Egypt plays an important role in international energy markets through the operation of the Suez Canal and SUMED pipeline, two routes for the export of Persian Gulf oil and LNG. Fees collected from operation of these two transit points provide a large source of revenue for the Egyptian government. Meanwhile, disruptions of shipments, as will be discussed below, would have negative implications on consuming markets particularly in Europe.

The Suez Canal connects the Red Sea and Gulf of Suez with the Mediterranean Sea, spanning 120 miles. The canal is a two-way street: crude oil and oil products are shipped in both directions, north to the Mediterranean and south to the Red Sea. Traffic of LNG through the canal is dominantly northbound, mostly from Qatar to Europe and the US.

In late 2000s about 1% of global crude oil supply, or 5% of seaborne oil trade, was shipped through the canal.7 This volume is substantially smaller than a few decades ago. Shipment through the canal was completely blocked in 1956 and 1967-75 due to wars with Israel. This disruption of shipments, among other developments, was a major reason for finding alternative shipping lanes.

The 200-mile long SUMED pipeline provides an alternative to the Suez Canal for those cargoes too large to transit the canal. It was built largely in response to the extended closure of the Suez Canal following the 1967 war with Israel.

SUMED connects the Red Sea with the Mediterranean with an estimated capacity of 2.4 million b/d (not all this capacity is utilized). It runs from south to north, supplying the Mediterranean with oil from the Persian Gulf.

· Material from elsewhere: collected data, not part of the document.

(* Let $a,\lambda\in\mathbb{R}^n$ and $\beta\in\mathbb{R}^m$ with $\|a\|=\|\lambda\|=\|\beta\|=1$, $\lambda\neq\pm a$, and $d\in\mathbb{R}^m$ with $\|d\|<1$, such that $\lambda^\mathsf{T} a+d^\mathsf{T}\beta\ge0$. Let $$x_\beta=\sqrt{\tfrac{1-(d^\mathsf{T}\beta)^2}{1-(\lambda^\mathsf{T} a)^2}}\,\lambda-\Big(d^\mathsf{T}\beta+\lambda^\mathsf{T} a\sqrt{\tfrac{1-(d^\mathsf{T}\beta)^2}{1-(\lambda^\mathsf{T} a)^2}}\Big)a$$ (the optimal solution of $\max_x\{\lambda^\mathsf{T} x:\|x\|\le1,\ a^\mathsf{T} x+d^\mathsf{T}\beta\le0\}$), and $\phi_\lambda(\beta)=\max_x\{\lambda^\mathsf{T} x:\|x\|\le1,\ a^\mathsf{T} x+d^\mathsf{T}\beta\le0\}$. Then every sequence $(x_k)_k$ in the span $\langle\lambda,a\rangle$ converging to $x_\beta$ with $\|x_k\|=1$ and $a^\mathsf{T} x_k+d^\mathsf{T}\beta<0$ for all $k$ satisfies $$\lim_{k\to\infty}\frac{\lambda^\mathsf{T}(x_k-x_\beta)}{a^\mathsf{T}(x_k-x_\beta)}=\frac{d^\mathsf{T}\beta+\lambda^\mathsf{T} a\,\phi_\lambda(\beta)}{\phi_\lambda(\beta)+d^\mathsf{T}\beta\,\lambda^\mathsf{T} a}.$$ Moreover, such sequences always exist.
   Context: $\|\cdot\|$ is the Euclidean norm; $\langle\lambda,a\rangle$ denotes the linear span of $\lambda$ and $a$. *)

From HB Require Import structures.
From mathcomp Require Import all_boot all_order all_algebra.
From mathcomp Require Import all_classical all_reals all_analysis.
Set Implicit Arguments. Unset Strict Implicit. Unset Printing Implicit Defensive.
Import Order.TTheory GRing.Theory Num.Theory.
Import numFieldNormedType.Exports.
Local Open Scope classical_set_scope.
Local Open Scope ring_scope.

Definition dotv (R : realType) (n : nat) (u v : 'rV[R]_n) : R :=
  \sum_(i < n) u 0 i * v 0 i.

Definition enorm (R : realType) (n : nat) (u : 'rV[R]_n) : R :=
  Num.sqrt (dotv u u).

Definition in_span2 (R : realType) (n : nat) (lam a x : 'rV[R]_n) : Prop :=
  exists s t : R, x = s *: lam + t *: a.

Definition phi_lam (R : realType) (n m : nat) (lam a : 'rV[R]_n)
  (d beta : 'rV[R]_m) : R :=
  sup [set y : R | exists x : 'rV[R]_n,
         y = dotv lam x /\ enorm x <= 1 /\ dotv a x + dotv d beta <= 0].

Definition x_beta (R : realType) (n m : nat) (lam a : 'rV[R]_n)
  (d beta : 'rV[R]_m) : 'rV[R]_n :=
  let s := Num.sqrt ((1 - (dotv d beta) ^+ 2) / (1 - (dotv lam a) ^+ 2)) in
  s *: lam - (dotv d beta + dotv lam a * s) *: a.

From HB Require Import structures.
From mathcomp Require Import all_boot all_order all_algebra.
From mathcomp Require Import all_classical all_reals all_analysis.
From mathcomp Require Import ring lra.
Import Order.TTheory GRing.Theory Num.Theory.
Import numFieldNormedType.Exports.
Local Open Scope classical_set_scope.
Local Open Scope ring_scope.

(* Everything happens in the plane spanned by [lam] and [a]. With [c = lam.a], a vector [x]
   of this plane is determined by [L = lam.x] and [A = a.x], and
   [(1 - c^2) |x|^2 = L^2 - 2 c L A + A^2], an inequality [<=] for vectors outside the plane.
   Maximising [L] over the unit ball under [A <= -d.beta] is therefore a problem about an
   ellipse in the (L, A)-plane; the hypothesis [0 <= lam.a + d.beta] makes the ellipse's point
   [(lam.x_beta, -d.beta)] on the line [A = -d.beta] the maximiser. For two points of the
   ellipse the quadratic form factors along the chord,
   [(L - L0) (L + L0 - 2 c A) = (A - A0) (2 c L0 - A - A0)],
   so the slopes of chords towards [x_beta] tend to the slope of the tangent there. Sequences
   of the required kind move from [x_beta] along the unit circle of the plane, in the
   direction that decreases [a.x]. *)

Section InnerProduct.
Context {R : realType} {n : nat}.
Implicit Types (u v w : 'rV[R]_n) (r : R).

It is owned by the Arab Petroleum Pipeline Co., a joint venture between the Egyptian General Petroleum Corp., Saudi Aramco, Abu Dhabi's national oil company, Kuwaiti companies, and Qatar Petroleum Corp.

Total oil flows through the Suez Canal and SUMED have declined since 2008 due to three developments.

1. The global economic slowdown has led to large reduction in oil demand and consumption. The Organization of Petroleum Exporting Countries, mostly Persian Gulf producers, responded by cutting production and-or suspended adding new volumes. This caused a sharp fall in regional oil trade.

2. Since the mid-2000s there has been a fundamental change in the dynamics of global oil markets. Asian countries (particularly China and India) are consuming and importing more oil than Europe and the US. In other words, more oil has been shipped east instead of west.

3. Piracy and security concerns around the Horn of Africa have led some exporters to travel the extra distance around South Africa to reach western markets.

Unlike oil, LNG transit through the Suez Canal has been on the rise. Northbound transit is mostly from Qatar (and to a much lesser extent Oman) destined for European and North American markets. Southbound transit is mostly from Algeria and Egypt and destined for Asian markets.

Closure of the Suez Canal and the SUMED pipeline would divert oil and LNG tankers around the southern tip of Africa, the Cape of Good Hope, adding distance, transportation time, and shipping costs. During the 2011 uprising that toppled Pres. Mubarak there was no interruption in shipping via the canal or SUMED. Still, it is not clear if the Suez Canal authority will have the necessary funding to carry on the ambitious plans to enhance and enlarge the canal.